WHAT YOU ARE ASKED TO DO:
Using the listing below, please gather every line containing the word "finType".

DATA FOR PROCESSING:

(* Let $H$ be a graph with at least one edge, and suppose $H\cong H_1\times H_2$ where neither $H_1$ nor $H_2$ is isomorphic to $K_1^*$. Then $H$ is not projective.
   Context: Graphs are finite, undirected, without parallel edges, loops allowed; $K_1^*$ is the one-vertex graph with a loop. A homomorphism is an edge-preserving vertex map. The direct product $H_1\times H_2$ has vertex set $V(H_1)\times V(H_2)$ with $(x_1,y_1)(x_2,y_2)$ an edge iff $x_1x_2\in E(H_1)$ and $y_1y_2\in E(H_2)$; $H^m$ is the $m$-fold product and $\pi_i(x_1,\dots,x_m)=x_i$. A homomorphism $f\colon H^m\to H$ is idempotent if $f(x,\dots,x)=x$ for all $x$. $H$ is projective if for every $m\ge2$ every idempotent homomorphism $H^m\to H$ equals some $\pi_i$. *)

From mathcomp Require Import all_boot.
Unset Printing Implicit Defensive.

(* A finite undirected graph without parallel edges, loops allowed:
   a finite vertex type with a symmetric (not necessarily irreflexive)
   adjacency relation. *)
Record graph := Graph {
  gV : finType;
  gE : rel gV;
  gE_sym : symmetric gE }.

Definition hom (G H : graph) (f : gV G -> gV H) : Prop :=
  forall x y, gE G x y -> gE H (f x) (f y).

Definition iso (G H : graph) : Prop :=
  exists f : gV G -> gV H, bijective f /\ forall x y, gE G x y = gE H (f x) (f y).

Definition has_edge (G : graph) : Prop := exists x y, gE G x y.

Lemma K1star_sym : symmetric (fun _ _ : unit => true). Proof. by []. Qed.
Definition K1star : graph := @Graph unit _ K1star_sym.

Definition prod_rel (G H : graph) : rel (gV G * gV H) :=
  fun x y => gE G x.1 y.1 && gE H x.2 y.2.
Lemma prod_rel_sym (G H : graph) : symmetric (prod_rel G H).
Proof. by move=> x y; rewrite /prod_rel (gE_sym G (x.1)) (gE_sym H (x.2)). Qed.
Definition prodg (G H : graph) : graph := Graph _ _ (prod_rel_sym G H).

Definition pow_rel (G : graph) (m : nat) : rel {ffun 'I_m -> gV G} :=
  fun x y => [forall i, gE G (x i) (y i)].
Lemma pow_rel_sym (G : graph) (m : nat) : symmetric (pow_rel G m).
Proof.
move=> x y; apply/forallP/forallP=> H i; by rewrite gE_sym.
Qed.
Definition powg (G : graph) (m : nat) : graph := Graph _ _ (pow_rel_sym G m).

Definition idempotent_map (G : graph) (m : nat) (f : gV (powg G m) -> gV G) : Prop :=
  forall x : gV G, f [ffun _ : 'I_m => x] = x.

Definition projective (G : graph) : Prop :=
  forall m : nat, 2 <= m ->
  forall f : gV (powg G m) -> gV G, hom (powg G m) G f -> idempotent_map G m f ->
  exists i : 'I_m, forall x : gV (powg G m), f x = x i.

From mathcomp Require Import all_boot.

(* Transport the decomposition H ~ H1 x H2 along an isomorphism
   phi (inverse psi) and define the binary "mixing" operation
       mix x y := psi ((phi x).1, (phi y).2),
   which keeps the H1-coordinate of x and the H2-coordinate of y.  It is an
   idempotent homomorphism H^2 -> H.  If H is projective, every idempotent
   binary polymorphism is a projection; so mix x y = x for all x, y (or
   mix x y = y).  In the first case the H2-coordinate of phi is constant,
   i.e. the coordinate map H -> H2, a surjective homomorphism, is constant;
   since H has an edge, its only value carries a loop and H2 ~ K1^*.  The
   second case gives H1 ~ K1^* symmetrically. *)

Lemma constant_surjective_hom_K1star {G K : graph} {h : gV G -> gV K} :
  hom G K h -> has_edge G -> (forall y, exists x, h x = y) ->
  (forall x x', h x = h x') -> iso K K1star.
Proof.
move=> hom_h [u [v euv]] h_onto h_const.
have all_hu : forall y, y = h u.
  by move=> y; have [x <-] := h_onto y; exact: h_const.
have loop_hu : gE K (h u) (h u) by rewrite {2}(h_const u v); exact: hom_h.
exists (fun _ => tt); split.
  by exists (fun _ => h u) => [y|[]] //; rewrite -all_hu.
by move=> x y; rewrite (all_hu x) (all_hu y) loop_hu.
Qed.

Definition binary_polymorphism {G : graph} (g : gV G -> gV G -> gV G) : Prop :=
  forall x x' y y', gE G x x' -> gE G y y' -> gE G (g x y) (g x' y').

Definition pair2 {T : finType} (x y : T) : {ffun 'I_2 -> T} :=
  [ffun i : 'I_2 => if i == ord0 then x else y].

Definition uncurry2 {G : graph} (g : gV G -> gV G -> gV G) :
  gV (powg G 2) -> gV G := fun x => g (x ord0) (x ord_max).

Lemma projective_binary {G : graph} (g : gV G -> gV G -> gV G) :
  projective G -> binary_polymorphism g -> (forall x, g x x = x) ->
  (forall x y, g x y = x) \/ (forall x y, g x y = y).
Proof.
move=> projG poly_g idem_g.
have hom_g : hom (powg G 2) G (uncurry2 g).
  by move=> x y /forallP exy; apply: poly_g.
have idem_ug : idempotent_map G 2 (uncurry2 g).
  by move=> x; rewrite /uncurry2 !ffunE idem_g.
have [i proj_i] := projG 2 (leqnn 2) _ hom_g idem_ug.
have eval_i : forall x y, g x y = pair2 x y i.
  by move=> x y; rewrite -proj_i /uncurry2 !ffunE.
have [i0 | i1] : i = ord0 \/ i = ord_max.
  by case: i {proj_i eval_i} => [[|[|k]] lt_i] //; [left | right]; apply: val_inj.
- by left=> x y; rewrite eval_i i0 ffunE.
- by right=> x y; rewrite eval_i i1 ffunE.
Qed.

Section Mixing.

Context {H H1 H2 : graph} {phi : gV H -> gV (prodg H1 H2)}.
Context {psi : gV (prodg H1 H2) -> gV H}.
Hypotheses (phiK : cancel phi psi) (psiK : cancel psi phi).
Hypothesis phiE : forall x y, gE H x y = gE (prodg H1 H2) (phi x) (phi y).

Definition mix (x y : gV H) : gV H := psi ((phi x).1, (phi y).2).

Lemma mix_polymorphism : binary_polymorphism mix.
Proof.
move=> x x' y y'; rewrite !phiE => /andP[ex _] /andP[_ ey].
by rewrite /mix !psiK; apply/andP.
Qed.

Lemma mix_idem x : mix x x = x.
Proof. by rewrite /mix -surjective_pairing phiK. Qed.

Lemma fst_hom : hom H H1 (fun x => (phi x).1).
Proof. by move=> x y; rewrite phiE => /andP[]. Qed.

Lemma snd_hom : hom H H2 (fun x => (phi x).2).
Proof. by move=> x y; rewrite phiE => /andP[]. Qed.

Lemma fst_onto (x0 : gV H) a : exists x, (phi x).1 = a.
Proof. by exists (psi (a, (phi x0).2)); rewrite psiK. Qed.

Lemma snd_onto (x0 : gV H) b : exists x, (phi x).2 = b.
Proof. by exists (psi ((phi x0).1, b)); rewrite psiK. Qed.

Lemma mix_left_snd_const :
  (forall x y, mix x y = x) -> forall x y, (phi x).2 = (phi y).2.
Proof. by move=> mixL x y; rewrite -(mixL y x) /mix psiK. Qed.

Lemma mix_right_fst_const :
  (forall x y, mix x y = y) -> forall x y, (phi x).1 = (phi y).1.
Proof. by move=> mixR x y; rewrite -(mixR x y) /mix psiK. Qed.

End Mixing.

Theorem mainTheorem9 (H H1 H2 : graph) :
  has_edge H -> iso H (prodg H1 H2) ->
  ~ iso H1 K1star -> ~ iso H2 K1star ->
  ~ projective H.
Proof.
move=> edgeH [phi [[psi phiK psiK] phiE]] notK1 notK2 projH.
have [u _] := edgeH.
have [mixL | mixR] := projective_binary _ projH
  (mix_polymorphism psiK phiE) (mix_idem phiK).
- apply: notK2; apply: (constant_surjective_hom_K1star (snd_hom phiE) edgeH).
    exact: snd_onto psiK u.
  exact: mix_left_snd_const psiK mixL.
- apply: notK1; apply: (constant_surjective_hom_K1star (fst_hom phiE) edgeH).
    exact: fst_onto psiK u.
  exact: mix_right_fst_const psiK mixR.
Qed.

SOLVED EXERCISE:
  gV : finType;
Definition pair2 {T : finType} (x y : T) : {ffun 'I_2 -> T} :=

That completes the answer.